IndisputableMonolith.NumberTheory.MinimalVisibilityEngine
The module defines a minimal visibility engine limited to the KTheta floor hypothesis and a stable budget with no visibility field attached. Number theorists working on the Erdős-Straus conjecture in the Recognition Science setting cite it to reduce the engine to its essential inputs for phase-budget derivations. The module composes directly from the VisibilityFromFloorBudget breakthrough and the PhaseBudgetEngineFromRS conversion, yielding the stripped carrier required by the residual proof chain.

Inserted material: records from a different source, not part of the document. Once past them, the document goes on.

(* Let $G$ be a finite simple $d$-regular graph on $2n$ vertices ($d\ge 1$) that contains at least one perfect matching. Choose edges of $G$ one at a time in a uniformly random order (without repetition), stopping as soon as every vertex has degree at least one; call the resulting random graph $G_\omega$. Then $$\mathbb{E}\left(\frac{\#\{\text{perfect matchings of } G \text{ contained in } G_\omega\}}{\#\{\text{perfect matchings of } G\}}\right) = \frac{2}{\binom{n+d-1}{n}} - \frac{1}{\binom{n+2d-2}{n}}.$$
   Context: Precisely: a uniformly random ordering $(e_1,\dots,e_m)$ of the $m$ edges of $G$ is chosen, $k$ is the least index such that the graph on $V(G)$ with edges $e_1,\dots,e_k$ has no isolated vertex, and $G_\omega$ is that graph. A perfect matching is a set of edges such that every vertex lies in exactly one of them. *)

From mathcomp Require Import all_boot all_order all_algebra.
Set Implicit Arguments. Unset Strict Implicit. Unset Printing Implicit Defensive.
Import GRing.Theory Num.Theory.

Section Graphs.
Variable T : finType.

Definition simple_graph (e : rel T) : Prop := symmetric e /\ irreflexive e.

Definition regular (e : rel T) (d : nat) : Prop :=
  forall x : T, #|[set y | e x y]| = d.

Definition edges (e : rel T) : {set {set T}} :=
  [set [set x; y] | x in T, y in T & e x y].

Definition covers (S : {set {set T}}) : bool :=
  [forall x : T, [exists f in S, x \in f]].

Definition perfect_matching (e : rel T) (M : {set {set T}}) : bool :=
  (M \subset edges e) && [forall x : T, #|[set f in M | x \in f]| == 1].

Definition perfect_matchings (e : rel T) : {set {set {set T}}} :=
  [set M | perfect_matching e M].

(* An ordering of the m = |E(G)| edges: a bijection 'I_m -> E(G), given as an
   injective finite function with values in E(G). *)
Definition orderings (e : rel T) : {set {ffun 'I_#|edges e| -> {set T}}} :=
  [set o : {ffun 'I_#|edges e| -> {set T}} | injectiveb o & [forall i, o i \in edges e]].
(* Let $(y_k)_{k\in\mathbb{N}}$ be a sequence in $\mathbb{W}$ with $y_k\in\mathbb{W}_{N(y_k)}$ and $N(y_k)\to\infty$. Let $(\mu,\nu)$ be a pair of diffuse probability measures on $[0,1]$ with $\frac12(\mu+\nu)=\lambda$ (Lebesgue measure on $[0,1]$), and let $y$ be the point of the Doob--Martin boundary corresponding to $(\mu,\nu)$. Then $y_k\to y$ in the Doob--Martin topology if and only if \[ \lim_{k\to\infty}\frac{\binom{y_k}{w}}{\binom{N(y_k)}{m}^2} = \mu^{\otimes m}\otimes\nu^{\otimes m}(\mathcal{S}(w)) \] for all $w\in\mathbb{W}_m$ and all $m\in\mathbb{N}$. Equivalently, $y_k\to y$ if and only if for each $m\in\mathbb{N}$ the random word in $\mathbb{W}_m$ obtained by selecting $m$ letters $a$ and $m$ letters $b$ uniformly at random from $y_k$ and keeping their relative order converges in distribution as $k\to\infty$ to $\mathcal{W}((X_1,\dots,X_m,Y_1,\dots,Y_m))$, where $X_1,X_2,\dots$ are i.i.d. with law $\mu$, $Y_1,Y_2,\dots$ are i.i.d. with law $\nu$, and the two sequences are independent.
   Context: $\mathbb{W}_n$ is the set of words over $\{a,b\}$ with $n$ letters $a$ and $n$ letters $b$, $\mathbb{W}=\bigsqcup_n\mathbb{W}_n$, and $N(w)=n$ for $w\in\mathbb{W}_n$. $\binom{w}{v}$ is the number of occurrences of $v$ as a (not necessarily contiguous) sub-word of $w$. The Markov chain on $\mathbb{W}$ starts at the empty word and, from a word in $\mathbb{W}_n$, inserts a letter $a$ uniformly at random into one of the $2n+1$ slots and then a letter $b$ uniformly into one of the $2n+2$ slots. Its Doob--Martin kernel with reference state the empty word is $K(v,w)=\binom{w}{v}\binom{2m}{m}/\binom{m+n}{m}^2$ for $v\in\mathbb{W}_m$, $w\in\mathbb{W}_{m+n}$ (and $0$ if $N(w)<N(v)$). The Doob--Martin compactification is the closure of $\{K(\cdot,w):w\in\mathbb{W}\}$ in $\mathbb{R}_+^{\mathbb{W}}$ (pointwise convergence): $w_k\to z$ iff $K(v,w_k)\to K(v,z)$ for every $v\in\mathbb{W}$, where $K(\cdot,z)$ is the extended kernel; the boundary consists of the limit points not in $\mathbb{W}$. For $(x_1,\dots,x_n,y_1,\dots,y_n)\in\mathbb{R}^{2n}$ with distinct entries, listing the entries in increasing order as $z_1<\dots<z_{2n}$, $\mathcal{W}((x_1,\dots,x_n,y_1,\dots,y_n))=u_1\cdots u_{2n}\in\mathbb{W}_n$ with $u_i=a$ if $z_i\in\{x_1,\dots,x_n\}$ and $u_i=b$ if $z_i\in\{y_1,\dots,y_n\}$; for $v\in\mathbb{W}_n$, $\mathcal{S}(v):=\mathcal{W}^{-1}(\{v\})\subset\mathbb{R}^{2n}$. The boundary point corresponding to $(\mu,\nu)$ is the boundary point $y$ whose extended kernel is $K(w,y)=\binom{2m}{m}\mu^{\otimes m}\otimes\nu^{\otimes m}(\mathcal{S}(w))$ for $w\in\mathbb{W}_m$, $m\in\mathbb{N}_0$. *)

From HB Require Import structures.
From mathcomp Require Import all_boot all_order all_algebra.
From mathcomp Require Import all_classical all_reals all_analysis.
Set Implicit Arguments. Unset Strict Implicit. Unset Printing Implicit Defensive.
Import Order.TTheory GRing.Theory Num.Theory.
Import numFieldNormedType.Exports.
Local Open Scope classical_set_scope.
Local Open Scope ring_scope.

(* Words over {a,b} are bit sequences: letter a = true, letter b = false. *)

Definition inW (n : nat) (w : seq bool) : bool :=
  (count id w == n) && (count negb w == n).

Definition inWall (w : seq bool) : bool := count id w == count negb w.

Definition Nw (w : seq bool) : nat := count id w.

(* binom(w, v) : number of occurrences of v as a (not necessarily contiguous)
   sub-word of w, i.e. number of choices of positions (masks) of w that
   spell v. *)
Definition occ (w v : seq bool) : nat :=
  #|[pred t : (size w).-tuple bool | mask t w == v]|.

(* Doob--Martin kernel K(v, w) with reference state the empty word. *)
Definition DMkernel {R : realType} (v w : seq bool) : R :=
  if (Nw v <= Nw w)%N then
    (occ w v)%:R * ('C((Nw v).*2, Nw v))%:R / ((('C(Nw w, Nw v))%:R) ^+ 2)
  else 0.

(* Convergence of a sequence of words to a point of the Doob--Martin
   compactification, the latter being identified with its (extended)
   kernel function v |-> K(v, z) (pointwise convergence on W). *)
Definition DMconv {R : realType} (y : nat -> seq bool) (Kz : seq bool -> R) :
    Prop :=
  forall v, inWall v -> (fun k => DMkernel (R := R) v (y k)) @ \oo --> Kz v.

(* The map \mathcal{W}: for l = (x_1..x_n, y_1..y_n) (first n entries are the
   x's), sort the entries increasingly and record a (true) for an x and
   b (false) for a y. *)
Definition Wmap {R : realType} (n : nat) (l : seq R) : seq bool :=
  map snd (sort (fun p q : R * bool => p.1 <= q.1)
             ([seq (x, true) | x <- take n l] ++ [seq (x, false) | x <- drop n l])).

Definition Sset {R : realType} (n : nat) (w : seq bool) : set (seq R) :=
  [set l | size l = n.*2 /\ uniq l /\ Wmap n l = w].

(* Iterated integral \int[m_1]_{x_1} ... \int[m_k]_{x_k} f [:: x_1; ..; x_k];
   for nonnegative measurable f this is the integral of f against the
   product measure m_1 \otimes ... \otimes m_k (Tonelli). *)
Fixpoint iint {R : realType} (ms : seq {measure set R -> \bar R})
    (f : seq R -> \bar R) : \bar R :=
  match ms with
  | [::] => f [::]
  | m :: ms' => (\int[m]_x iint ms' (fun l => f (x :: l)))%E
  end.

Definition prodS {R : realType} (mu nu : {measure set R -> \bar R})
    (n : nat) (w : seq bool) : R :=
  fine (iint (nseq n mu ++ nseq n nu) (fun l => (\1_(Sset n w) l)%:E)).

Definition boundaryKernel {R : realType} (mu nu : {measure set R -> \bar R})
    (w : seq bool) : R :=
  ('C((Nw w).*2, Nw w))%:R * prodS mu nu (Nw w) w.

(* Law of the random word in W_m obtained from y by selecting uniformly at
   random m letters a and m letters b of y (keeping their relative order):
   P(w) = #{selections spelling w} / #{selections}. *)
Definition sampleLaw {R : realType} (y : seq bool) (m : nat) (w : seq bool) : R :=
  (#|[pred t : (size y).-tuple bool | inW m (mask t y) && (mask t y == w)]|)%:R /
  (#|[pred t : (size y).-tuple bool | inW m (mask t y)]|)%:R.

(* Convergence in distribution of random elements of the finite discrete
   space W_m (words of length 2m), given by their laws P_k, P:
   E[f(Z_k)] -> E[f(Z)] for every (necessarily bounded continuous) f. *)
Definition cvg_dist_words {R : realType} (m : nat) (Pk : nat -> seq bool -> R)
    (P : seq bool -> R) : Prop :=
  forall f : seq bool -> R,
    (fun k => \sum_(t : (m.*2).-tuple bool) f t * Pk k t) @ \oo -->
      \sum_(t : (m.*2).-tuple bool) f t * P t.

Definition diffuse {R : realType} (mu : {measure set R -> \bar R}) : Prop :=
  forall x : R, mu [set x] = 0%E.

From HB Require Import structures.
From mathcomp Require Import all_boot all_order all_algebra.
From mathcomp Require Import all_classical all_reals all_analysis.
Import Order.TTheory GRing.Theory Num.Theory.
Import numFieldNormedType.Exports.
Set Implicit Arguments. Unset Strict Implicit. Unset Printing Implicit Defensive.
Local Open Scope classical_set_scope.
Local Open Scope ring_scope.

(* Once N(y_k) >= m, the kernel K(w, y_k) of a word w in W_m is C(2m, m)
   times occ(y_k, w) / C(N(y_k), m)^2, and the boundary kernel of (mu, nu)
   is C(2m, m) times mu^m (x) nu^m (S(w)); so Doob--Martin convergence is
   exactly convergence of the normalised occurrence counts.  Since y_k has
   C(N(y_k), m)^2 ways of selecting m letters a and m letters b, these
   normalised counts are the law of the sampled word on W_m, and
   convergence in distribution on the finite set W_m is pointwise
   convergence of the laws.  The hypotheses on mu and nu (diffuse, with
   mean the Lebesgue measure on [0, 1]) only guarantee that the limit is a
   genuine boundary point; the equivalences hold for any pair (mu, nu). *)

Lemma card_tuple_bool_cons n (P : pred (seq bool)) :
  #|[pred t : n.+1.-tuple bool | P t]| =
  #|[pred t : n.-tuple bool | P (true :: t)]| +
  #|[pred t : n.-tuple bool | P (false :: t)]|.
Proof.
rewrite -!sum1_card !(big_mkcond (fun t => t \in _)) /=.
rewrite (reindex (fun p : bool * n.-tuple bool => [tuple of p.1 :: p.2])) /=.
  rewrite -(pair_bigA _ (fun (b : bool) (t : n.-tuple bool) =>
    if P (b :: t) then 1%N else 0%N)).
  by rewrite big_bool.
exists (fun t : n.+1.-tuple bool => (thead t, behead_tuple t)).
  by move=> [b t] _; congr pair; apply: val_inj.
by move=> t _; apply: val_inj => /=; rewrite [in RHS](tuple_eta t).
Qed.

Lemma card_mask_count (y : seq bool) i j :
  #|[pred t : (size y).-tuple bool |
     (count id (mask t y) == i) && (count negb (mask t y) == j)]| =
  ('C(count id y, i) * 'C(count negb y, j))%N.
Proof.
elim: y i j => [|x y IHy] i j.
  have mask_nil (m : seq bool) : mask m [::] = [::] by case: m.
  rewrite (eq_card (B := [pred t : 0.-tuple bool | (0 == i)%N && (0 == j)%N])); last first.
    by move=> t; rewrite !inE mask_nil.
  case: i => [|i]; case: j => [|j] /=; last 3 first; try by rewrite eq_card0.
  by rewrite eq_cardT // -cardT card_tuple.
rewrite (card_tuple_bool_cons _ (fun s =>
  (count id (mask s (x :: y)) == i) && (count negb (mask s (x :: y)) == j))) /=.
set Cy := fun i j => #|[pred t : (size y).-tuple bool |
  (count id (mask t y) == i) && (count negb (mask t y) == j)]|.
have card_a i' j' : #|[pred t : (size y).-tuple bool |
    ((1 + count id (mask t y))%N == i'.+1) &&
    ((0 + count negb (mask t y))%N == j')]| = Cy i' j'.
  by apply: eq_card => t; rewrite !inE add0n add1n eqSS.
have card_b i' j' : #|[pred t : (size y).-tuple bool |
    ((0 + count id (mask t y))%N == i') &&
    ((1 + count negb (mask t y))%N == j'.+1)]| = Cy i' j'.
  by apply: eq_card => t; rewrite !inE add0n add1n eqSS.
case: x => /=.
- case: i => [|i]; last by rewrite card_a /Cy !IHy add1n add0n binS mulnDl addnC.
  by rewrite eq_card0 // add0n IHy !bin0.
- case: j => [|j]; last by rewrite card_b /Cy !IHy add1n add0n binS mulnDr addnC.
  rewrite eq_card0 => [|t]; last by rewrite !inE add1n andbF.
  by rewrite add0n IHy !bin0.
Qed.

Lemma inW_Nw m w : inW m w -> Nw w = m.
Proof. by case/andP => /eqP. Qed.

Lemma inW_size m w : inW m w -> size w = m.*2.
Proof. by case/andP => /eqP Ha /eqP Hb; rewrite -(count_predC id) -addnn Ha -Hb. Qed.

Lemma inW_inWall m w : inW m w -> inWall w.
Proof. by case/andP => /eqP Ha /eqP Hb; rewrite /inWall Ha Hb. Qed.

Lemma inWall_inW w : inWall w -> inW (Nw w) w.
Proof. by move=> /eqP Hw; rewrite /inW /Nw Hw eqxx. Qed.

Lemma card_mask_inW (y : seq bool) m : inWall y ->
  #|[pred t : (size y).-tuple bool | inW m (mask t y)]| = ('C(Nw y, m) ^ 2)%N.
Proof.
by move=> /eqP Hy; rewrite expnS expn1 {2}/Nw Hy -card_mask_count.
Qed.

Lemma Wmap_inW (R : realType) m (l : seq R) : size l = m.*2 -> inW m (Wmap m l).
Proof.
move=> Hl; have Hm : (m <= size l)%N by rewrite Hl -addnn leq_addr.
rewrite /inW /Wmap !count_map !(permP (permEl (perm_sort _ _))) !count_cat !count_map.
rewrite (@eq_count _ (preim (pair^~ true) (preim snd id)) predT) //.
rewrite (@eq_count _ (preim (pair^~ false) (preim snd id)) pred0) //.
rewrite (@eq_count _ (preim (pair^~ true) (preim snd negb)) pred0) //.
rewrite (@eq_count _ (preim (pair^~ false) (preim snd negb)) predT) //.
rewrite !count_pred0 !count_predT size_takel // size_drop Hl.
by rewrite -addnn addnK add0n addn0 !eqxx.
Qed.

Section RealValued.
Variable R : realType.

Lemma sampleLawE (y : seq bool) m w : inWall y ->
  sampleLaw (R := R) y m w =
  if inW m w then (occ y w)%:R / ('C(Nw y, m)%:R ^+ 2) else 0.
Proof.
move=> Hy; rewrite /sampleLaw card_mask_inW // natrX.
have [Hw|Hw] := boolP (inW m w).
  congr (_%:R / _); apply: eq_card => t; rewrite !inE.
  by case: eqP => [->|]; rewrite ?Hw ?andbF.
rewrite eq_card0 ?mul0r // => t; rewrite !inE.
by case: eqP => [->|]; rewrite ?(negbTE Hw) ?andbF.
Qed.

Lemma iint_eq0 (ms : seq {measure set R -> \bar R}) (f : seq R -> \bar R) :
  f =1 cst 0%E -> iint ms f = 0%E.
Proof.
elim: ms f => [|m ms IHms] f f0 /=; first exact: f0.
rewrite (eq_fun (fun x => IHms _ (fun l => f0 (x :: l)))).
exact: integral0.
Qed.

Lemma prodS_eq0 (mu nu : {measure set R -> \bar R}) m w :
  ~~ inW m w -> prodS mu nu m w = 0.
Proof.
move=> Hw; rewrite /prodS iint_eq0 // => l.
rewrite indicE memNset //= => -[Hl [_ Hlw]].
by move: Hw; rewrite -Hlw Wmap_inW.
Qed.

Lemma sum_tuple_eq n (w : seq bool) (F : seq bool -> R) : size w = n ->
  \sum_(t : n.-tuple bool) (val t == w)%:R * F t = F w.
Proof.
move=> Hw; have Hw' : size w == n by rewrite Hw.
rewrite (bigD1 (Tuple Hw')) //= eqxx mul1r big1 ?addr0 // => t Ht.
suff /negbTE -> : val t != w by rewrite mul0r.
by apply: contra Ht => /eqP Htw; apply/eqP/val_inj.
Qed.

End RealValued.

Section Convergence.
Variables (R : realType) (y : nat -> seq bool).

Definition occ_ratio m w k : R := (occ (y k) w)%:R / ('C(Nw (y k), m)%:R ^+ 2).

Lemma DMkernelE w k : (Nw w <= Nw (y k))%N ->
  DMkernel (R := R) w (y k) = 'C((Nw w).*2, Nw w)%:R * occ_ratio (Nw w) w k.
Proof. by move=> Hw; rewrite /DMkernel Hw mulrCA mulrA. Qed.

Lemma DMconv_occ_ratio (P : nat -> seq bool -> R) :
  (forall m, \forall k \near \oo, (m <= Nw (y k))%N) ->
  DMconv y (fun w => 'C((Nw w).*2, Nw w)%:R * P (Nw w) w) <->
  (forall m w, inW m w -> occ_ratio m w @ \oo --> P m w).
Proof.
move=> Nw_oo; set c := fun w => 'C((Nw w).*2, Nw w)%:R : R.
have c_neq0 w : c w != 0 by rewrite pnatr_eq0 -lt0n bin_gt0 -addnn leq_addr.
have DMkernel_near w : \forall k \near \oo,
    DMkernel w (y k) = c w * occ_ratio (Nw w) w k.
  by apply: filterS (Nw_oo (Nw w)) => k; apply: DMkernelE.
split=> [DMy m w Hw | occ_cvg w Hw].
- rewrite -(inW_Nw Hw) -[P _ w](mulKf (c_neq0 w)).
  apply: cvg_trans _ (cvgMl_tmp (a := (c w)^-1) (DMy w (inW_inWall Hw))).
  apply: near_eq_cvg; apply: filterS (DMkernel_near w) => k /= ->.
  by rewrite mulKf.
- apply: cvg_trans _ (cvgMl_tmp (a := c w) (occ_cvg _ _ (inWall_inW Hw))).
  by apply: near_eq_cvg; apply: filterS (DMkernel_near w) => k ->.
Qed.

Lemma occ_ratio_cvg_dist (P : nat -> seq bool -> R) :
  (forall k, inWall (y k)) -> (forall m w, ~~ inW m w -> P m w = 0) ->
  (forall m w, inW m w -> occ_ratio m w @ \oo --> P m w) <->
  (forall m, cvg_dist_words m (fun k => sampleLaw (y k) m) (P m)).
Proof.
move=> Wy P0; split=> [occ_cvg m f | cvg_dist m w Hw].
- apply: cvg_big => [|t _]; first exact: add_continuous.
  apply: cvgMl_tmp; under eq_cvg do rewrite sampleLawE //.
  have [Ht|Ht] := boolP (inW m t); first exact: occ_cvg.
  by rewrite P0 //; apply: cvg_cst.
- have Hs := inW_size Hw.
  have := cvg_dist m (fun s => (s == w)%:R).
  rewrite sum_tuple_eq //.
  by under eq_cvg do rewrite sum_tuple_eq // sampleLawE // Hw.
Qed.

End Convergence.

Theorem mainTheorem7 (R : realType) (y : nat -> seq bool)
    (mu nu : probability R R) :
  (forall k, inWall (y k)) ->
  (forall M : nat, exists k0 : nat, forall k, (k0 <= k)%N -> (M <= Nw (y k))%N) ->
  diffuse mu -> diffuse nu ->
  mu (~` `[0%R, 1%R]) = 0%E -> nu (~` `[0%R, 1%R]) = 0%E ->
  (forall A : set R, measurable A ->
     ((mu A + nu A) * (2^-1)%:E = lebesgue_measure (A `&` `[0%R, 1%R]))%E) ->
  (DMconv y (boundaryKernel mu nu) <->
     (forall (m : nat) (w : seq bool), inW m w ->
        (fun k => (occ (y k) w)%:R / (('C(Nw (y k), m))%:R ^+ 2) : R) @ \oo -->
          prodS mu nu m w))
  /\
  (DMconv y (boundaryKernel mu nu) <->
     (forall m : nat,
        cvg_dist_words m (fun k => sampleLaw (y k) m) (prodS mu nu m))).
Proof.
move=> Wy Ny_oo _ _ _ _ _.
have Nw_oo m : \forall k \near \oo, (m <= Nw (y k))%N.
  by have [k0 Hk0] := Ny_oo m; exists k0.
have DMconv_occ := DMconv_occ_ratio (prodS mu nu) Nw_oo.
split=> //; rewrite DMconv_occ.
exact/occ_ratio_cvg_dist/prodS_eq0.
Qed.
Lemma composition6_size_no3 es : all (fun e => 0 < e) es -> sumn es = 6 ->
  top_mult_avoids [:: 1; 3] es -> size es \in [:: 2; 4; 6].
Proof.
move=> pos sum6; apply/implyP; move: es pos sum6.
by apply: (@compositions_all (fun es => top_mult_avoids _ es ==> (size es \in _))); vm_compute.
Qed.

End Compositions.

Lemma is_length_mul (R : comNzRingType) (f g : {poly R}) m n :
  is_length f m -> is_length g n -> is_length (f * g) (m + n)%N.
Proof.
move=> [m_gt0 [s [size_s [irr_s <-]]]] [_ [t [size_t [irr_t <-]]]].
split; first by rewrite addn_gt0 m_gt0.
exists (s ++ t); rewrite size_cat size_s size_t big_cat; split=> //; split=> // h.
by rewrite mem_cat => /orP []; [apply: irr_s | apply: irr_t].
Qed.

Section LocalRing.

Variable R : comUnitRingType.
Hypothesis Rlocal : local_ring R.

Lemma nonunit0 : (0 : R) \isn't a GRing.unit.
Proof. by rewrite unitr0. Qed.

Lemma nonunitB (a b : R) :
  a \isn't a GRing.unit -> b \isn't a GRing.unit -> a - b \isn't a GRing.unit.
Proof. by have [_ [subI _]] := Rlocal; apply: subI. Qed.

Lemma nonunitMl (r a : R) : a \isn't a GRing.unit -> r * a \isn't a GRing.unit.
Proof. by have [_ [_ mulI]] := Rlocal; apply: mulI. Qed.

Lemma nonunitMr (r a : R) : a \isn't a GRing.unit -> a * r \isn't a GRing.unit.
Proof. by rewrite mulrC; apply: nonunitMl. Qed.

Lemma nonunitN (a : R) : a \isn't a GRing.unit -> - a \isn't a GRing.unit.
Proof. by rewrite -sub0r; apply/nonunitB/nonunit0. Qed.

Lemma nonunitD (a b : R) :
  a \isn't a GRing.unit -> b \isn't a GRing.unit -> a + b \isn't a GRing.unit.
Proof. by move=> na nb; rewrite -[b]opprK; apply/nonunitB/nonunitN. Qed.

Lemma nonunit_sum (I : Type) (r : seq I) (P : pred I) (F : I -> R) :
  (forall i, P i -> F i \isn't a GRing.unit) ->
  \sum_(i <- r | P i) F i \isn't a GRing.unit.
Proof.
by move=> nF; apply: (big_ind (fun x => x \isn't a GRing.unit));
  [apply: nonunit0 | apply: nonunitD |].
Qed.

Lemma unitDnonunit (u a : R) :
  u \is a GRing.unit -> a \isn't a GRing.unit -> u + a \is a GRing.unit.
Proof.
move=> uu na; apply: contraLR uu => nua.
by rewrite -(addrK a u); apply: nonunitB.
Qed.

(* [has_type e f]: modulo the maximal ideal, [f] is a unit times ['X^e]. *)
Definition has_type (e : nat) (f : {poly R}) :=
  f`_e \is a GRing.unit /\ forall i, i != e -> f`_i \isn't a GRing.unit.

Definition ptype (f : {poly R}) : nat := find (fun c => c \is a GRing.unit) f.

Lemma has_type_uniq e e' f : has_type e f -> has_type e' f -> e = e'.
Proof.
by move=> [ue _] [_ ne']; apply/eqP; apply: contraLR ue => /ne'.
Qed.

Lemma unit_coef_lt_size (f : {poly R}) i : f`_i \is a GRing.unit -> (i < size f)%N.
Proof. by apply: contraLR; rewrite -leqNgt => /(nth_default 0) ->; rewrite unitr0. Qed.

Lemma has_type_ptype e f : has_type e f -> ptype f = e.
Proof.
move=> [ue ne]; have hasf : has (fun c => c \is a GRing.unit) f.
  by apply/(has_nthP 0); exists e => //; apply: unit_coef_lt_size.
case: (ltngtP (ptype f) e) => // [lt_e | gt_e].
  by have := nth_find 0 hasf; rewrite (negPf (ne _ (negbT (ltn_eqF lt_e)))).
by have := before_find 0 gt_e; rewrite ue.
Qed.

Lemma has_typeXn n : has_type n ('X^n : {poly R}).
Proof.
split=> [|i ni]; first by rewrite coefXn eqxx unitr1.
by rewrite coefXn (negPf ni) unitr0.
Qed.

Lemma has_typeXnC n (a : R) :
  (0 < n)%N -> a \isn't a GRing.unit -> has_type n ('X^n + a%:P).
Proof.
move=> n_gt0 na; split=> [|i ni]; rewrite coefD coefXn coefC.
  by rewrite eqxx eqn0Ngt n_gt0 addr0 unitr1.
by rewrite (negPf ni) add0r; case: eqP => _ //; apply: nonunit0.
Qed.

Lemma coefM_unit (f g : {poly R}) a b :
  f`_a \is a GRing.unit -> g`_b \is a GRing.unit ->
  (forall i j, (i + j = a + b)%N -> i != a ->
     f`_i \isn't a GRing.unit \/ g`_j \isn't a GRing.unit) ->
  (f * g)`_(a + b) \is a GRing.unit.
Proof.
move=> ua ub others.
rewrite coefM (bigD1 (Ordinal (leq_addr b a : (a < (a + b).+1)%N))) //=.
rewrite addKn; apply: unitDnonunit; first by rewrite unitrM ua ub.
apply: nonunit_sum => i ia; have le_i : (i <= a + b)%N by rewrite -ltnS.
have [|nf|ng] := others i _ (subnKC le_i); last exact: nonunitMl.
  by apply: contraNneq ia => ia; apply/eqP/val_inj.
exact: nonunitMr.
Qed.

claimThe minimal visibility engine is the structure carrying only the uniform failure floor $K_θ > 0$ and a stable budget $B$ that obeys the Recognition Composition Law accumulation bound, with no visibility field present.
background
This module sits in the NumberTheory domain and supplies the carrier for the minimal engine used in reciprocal-ledger arguments. The KTheta floor is the uniform positive failure threshold per gate; the stable budget is the T1/RCL-bounded total that prevents unbounded accumulation of defects. Upstream, VisibilityFromFloorBudget derives that some admissible gate must succeed for every nonidentity reciprocal ledger once the floor and budget are fixed, while PhaseBudgetEngineFromRS converts that bounded engine into the phase-budget form consumed by the Erdős-Straus residual chain.
proof idea
This is a definition module, no proofs.
why it matters in Recognition Science
The module supplies the minimal carrier that feeds the phase-budget engine already consumed by the Erdős-Straus residual proof chain. It closes the scaffolding step that follows the VisibilityFromFloorBudget breakthrough by removing the visibility field while retaining the KTheta floor and stable budget. In the Recognition framework it supports the direct passage from T1/RCL budget bounds to concrete number-theoretic applications.
scope and limits
- Does not include an explicit visibility field.
- Does not handle non-stable or variable budgets.
- Does not extend the KTheta floor to other failure models.
- Does not prove admissible-gate existence, which is established upstream.